Seria compreensível que as instituições que formaram a troica se tivessem sentido incomodadas pela confissão pública dos seus pecados feita de forma tão desassombrada por Jean-Claude Juncker, em jeito de assumida autocrítica. O que não é normal é que tenha sido o Governo português a sentir-se atingido, a ponto de sair de imediato em defesa da troica e de dirigir uma crítica aberta às declarações, ditas “infelizes”, do presidente da Comissão Europeia.

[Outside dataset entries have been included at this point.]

Lemma sqnorm_drift_le p (y : nat -> 'rV[R]_d) :
  sqnorm (drift p y) <= a1 * ainf * (L ^+ 2 * \sum_(t < m) sqnorm (y t - z)).
Proof.
apply: le_trans (sqnorm_wsum_le _ (fun u => batch_weight_ge0 u.1 u.2)) _.
rewrite sum_pair_batch_weight -mulrA ler_wpM2l ?a1_ge0 //.
apply: (@le_trans _ _ (\sum_(t < i) a t * (L ^+ 2 * sqnorm (y t - z)))).
  rewrite -(pair_bigA _ (fun t j => batch_weight t j * sqnorm (grad (p j) (y t) - grad (p j) z))).
  apply: ler_sum => t _; rewrite -(sum_batch_weight t) mulr_suml.
  by apply: ler_sum => j _; rewrite ler_wpM2l ?batch_weight_ge0 ?sqnorm_le_of_enorm_le.
apply: (@le_trans _ _ (\sum_(t < i) ainf * (L ^+ 2 * sqnorm (y t - z)))).
  by apply: ler_sum => t _; rewrite ler_wpM2r ?le_ainf // mulr_ge0 ?sqr_ge0 ?sqnorm_ge0.
rewrite -!mulr_sumr ler_wpM2l ?ainf_ge0 // ler_wpM2l ?sqr_ge0 //.
rewrite (big_ord_widen _ (fun t => sqnorm (y t - z)) i_le_m).
rewrite [X in _ <= X](bigID (fun t : 'I_m => (t < i)%N)) /= lerDl.
by apply: sumr_ge0 => t _; exact: sqnorm_ge0.
Qed.

Lemma sqnorm_weighted_batch_sum_le p (y : nat -> 'rV[R]_d) :
  sqnorm (\sum_(t < i) a t *: batch_grad grad b p t (y t)) <=
    3 * (a1 * ainf * (L ^+ 2 * \sum_(t < m) sqnorm (y t - z))
         + sqnorm (sampling_noise p) + a1 ^+ 2 * sqnorm (gradf grad z)).
Proof.
rewrite weighted_batch_sumE; apply: le_trans (sqnormD3_le _ _ _) _.
by rewrite ler_wpM2l // sqnormZ !lerD2r sqnorm_drift_le.
Qed.

End Lipschitz.

Lemma sqnorm_sampling_noise_le p :
  sqnorm (sampling_noise p) <= a1 * ainf * (m%:R * sigma2 grad z).
Proof.
apply: le_trans (sqnorm_wsum_le _ position_weight_ge0) _.
rewrite sum_position_weight -mulrA ler_wpM2l ?a1_ge0 //.
apply: (@le_trans _ _ (\sum_j ainf / b%:R * sqnorm (grad (p j) z - gradf grad z))).
  by apply: ler_sum => j _; rewrite ler_wpM2r ?sqnorm_ge0 ?position_weight_le.
have sum_pE : \sum_j sqnorm (grad (p j) z - gradf grad z) =
    \sum_s sqnorm (grad s z - gradf grad z) by rewrite [RHS](reindex_inj (@perm_inj _ p)).
rewrite -mulr_sumr sum_pE.
suff -> : ainf * (m%:R * sigma2 grad z) =
    ainf / b%:R * \sum_s sqnorm (grad s z - gradf grad z) by [].
have nE : n%:R = m%:R * b%:R :> R by rewrite -natrM mbE.
have m_gt0 : (0 < m)%N by move: n_gt0; rewrite -mbE muln_gt0 => /andP[].
rewrite /sigma2 nE; field.
by rewrite !pnatr_eq0 -!lt0n m_gt0 b_gt0.
Qed.

Lemma Eperm_sqnorm_sampling_noise_le :
  Eperm (fun p => sqnorm (sampling_noise p)) <= a1 * ainf * (b%:R^-1 * sigma2 grad z).
Proof.
set g := fun s => grad s z - gradf grad z.
have sum_g0 c : \sum_s g s 0 c = 0.
  by rewrite -summxE sum_grad_sub_gradf // mxE.
under eq_Eperm do rewrite sqnorm_wsumE.
rewrite Eperm_sum.
apply: (@le_trans _ _ (\sum_c (\sum_j position_weight j ^+ 2) * (n%:R^-1 * \sum_s g s 0 c ^+ 2))).
  by apply: ler_sum => c _; exact: Eperm_sqr_wsum_le position_weight_ge0 (sum_g0 c).
rewrite -mulr_sumr.
have sigma2E : \sum_c n%:R^-1 * \sum_s g s 0 c ^+ 2 = sigma2 grad z.
  by rewrite -mulr_sumr exchange_big.
rewrite sigma2E [X in _ <= X]mulrA ler_wpM2r //.
  by rewrite mulr_ge0 ?invr_ge0 ?ler0n ?sumr_ge0 // => s _; exact: sqnorm_ge0.
apply: (@le_trans _ _ (\sum_j position_weight j * (ainf / b%:R))).
  by apply: ler_sum => j _; rewrite expr2 ler_wpM2l ?position_weight_ge0 ?position_weight_le.
by rewrite -mulr_suml sum_position_weight mulrA.
Qed.

End BatchGradientBounds.

Theorem lemmaB1 (R : realType) (n d b : nat)
  (f : 'I_n -> 'rV[R]_d -> R) (grad : 'I_n -> 'rV[R]_d -> 'rV[R]_d)
  (L : R) (beta lam : R) (alpha : nat -> R)
  (pi : nat -> {perm 'I_n}) (x1 : 'rV[R]_d) :
  (0 < n)%N -> (0 < b)%N -> (b %| n)%N ->
  (* f_i continuously differentiable with gradient grad i *)
  (forall i x, differentiable (f i) x) ->
  (forall i x v, is_derive x v (f i) (dotv (grad i x) v)) ->
  (forall i, continuous (grad i)) ->
  (* (A.a) *)
  0 < L ->
  (forall i x y, enorm (grad i x - grad i y) <= L * enorm (x - y)) ->
  (exists fbar : R, forall i x, fbar <= f i x) ->
  0 <= beta -> beta < 1 ->
  (forall k, 0 < alpha k) ->
  let m := (n %/ b)%N in
  let x := xk grad b beta lam m pi alpha x1 in
  let xt := xtk grad b beta lam m pi alpha x1 in
  let z := zk grad b beta lam m pi alpha x1 in
  (* (a): arbitrary permutations *)
  (forall (k i : nat) (a : 'I_i -> R) (p : {perm 'I_n}),
     (1 <= k)%N -> (1 <= i <= m)%N -> (forall t, 0 <= a t) ->
     let a1 : R := \sum_(t < i) `|a t| in
     let ainf : R := \big[Num.max/0]_(t < i) `|a t| in
     sqnorm (\sum_(t < i) a t *: dir grad b beta lam p (alpha k) (x k) (xt k) t.+1)
     <= 3 * a1 * ainf *
          (L ^+ 2 * \sum_(t < m) sqnorm (yhat grad b beta lam p (alpha k) (x k) (xt k) t.+1 - z k)
           + m%:R * sigma2 grad (z k))
        + 3 * a1 ^+ 2 * sqnorm (gradf grad (z k)))
  /\
  (* (b): under (A.c), E_k = uniform average over pi^k *)
  (forall (k i : nat) (a : 'I_i -> R),
     (1 <= k)%N -> (1 <= i <= m)%N -> (forall t, 0 <= a t) ->
     let a1 : R := \sum_(t < i) `|a t| in
     let ainf : R := \big[Num.max/0]_(t < i) `|a t| in
     Eperm (fun p => sqnorm (\sum_(t < i) a t *: dir grad b beta lam p (alpha k) (x k) (xt k) t.+1))
     <= 3 * a1 * ainf *
          (L ^+ 2 * \sum_(t < m)
              Eperm (fun p => sqnorm (yhat grad b beta lam p (alpha k) (x k) (xt k) t.+1 - z k))
           + b%:R^-1 * sigma2 grad (z k))
        + 3 * a1 ^+ 2 * sqnorm (gradf grad (z k))).
Proof.
move=> n_gt0 b_gt0 b_dvd_n _ _ _ _ grad_lip _ _ _ _ m x xt z.
have mbE : (m * b = n)%N by rewrite divnK.
have batch_le k i (a : 'I_i -> R) p : (i <= m)%N -> (forall t, 0 <= a t) ->
    sqnorm (\sum_(t < i) a t *: dir grad b beta lam p (alpha k) (x k) (xt k) t.+1) <=
    3 * ((\sum_(t < i) `|a t|) * \big[Num.max/0]_(t < i) `|a t| *
           (L ^+ 2 * \sum_(t < m) sqnorm (yhat grad b beta lam p (alpha k) (x k) (xt k) t.+1 - z k))
         + sqnorm (sampling_noise b grad a (z k) p)
         + (\sum_(t < i) `|a t|) ^+ 2 * sqnorm (gradf grad (z k))).
  move=> i_le_m a_ge0; under eq_bigr do rewrite dirE.
  exact: (sqnorm_weighted_batch_sum_le (z k) b_gt0 mbE i_le_m a_ge0 grad_lip p
    (fun t => yhat grad b beta lam p (alpha k) (x k) (xt k) t.+1)).
split=> [k i a p _ /andP[_ i_le_m] a_ge0 | k i a _ /andP[_ i_le_m] a_ge0] /=.
- have := batch_le k i a p i_le_m a_ge0.
  have := sqnorm_sampling_noise_le grad (z k) n_gt0 b_gt0 mbE i_le_m a_ge0 p.
  lra.
- apply: le_trans (ler_Eperm (fun p => batch_le k i a p i_le_m a_ge0)) _.
  have := Eperm_sqnorm_sampling_noise_le grad (z k) n_gt0 b_gt0 mbE i_le_m a_ge0.
  rewrite !(EpermZ, EpermD, Eperm_sum, Eperm_cst); lra.
Qed.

Este episódio caricato é muito revelador. No exacto momento em que o presidente da Comissão Europeia reconhece os erros e os excessos da troica, não apenas enquanto modelo desprovido de legitimidade democrática mas também como intervenção atentatória da dignidade dos países intervencionados, é o Governo PSD/CDS que acusa o toque e resolve vir a terreiro em defesa da “sua dama”. Isto mostra duas coisas fundamentais.

Em primeiro lugar, a identificação total do Governo com a política da troica (da qual só divergiu, como sabemos, pela sua obsessão de ir “mais além”, conduzindo à aplicação do dobro da austeridade que estava prevista no Memorando inicial). Todos nos lembramos, aliás, de ouvir o próprio primeiro-ministro, Passos Coelho, a explicar que o programa da troica correspondia ao programa do Governo de centro-direita e os factos posteriores, que infelizmente também todos testemunhámos, encarregaram-se de provar que o que se pretendeu, a pretexto da dívida e do défice, foi cumprir uma estratégia de empobrecimento e uma agenda ideológica frontalmente contra o Estado Social e os serviços públicos.

Em segundo lugar, este inusitado empenho do Governo PSD/CDS em defesa da sua troica mostra – e recorda, para quem pudesse estar esquecido - como a própria intervenção externa, que bem podia ter sido evitada (como evitaram a Espanha e a Itália, com o apoio do BCE), foi de facto pretendida pela direita, que a provocou ao abrir uma irresponsável crise política no auge da crise das dívidas soberanas. Agora que há finalmente quem queira reconhecer o fracasso de toda esta aventura, são os que escolheram e prosseguiram este caminho que se sentem desautorizados.

O que fica provado é que este Governo não serve para defender nem os interesses de Portugal, nem a própria dignidade do povo português. E um Governo que não serve para defender a dignidade do seu povo não serve para nada.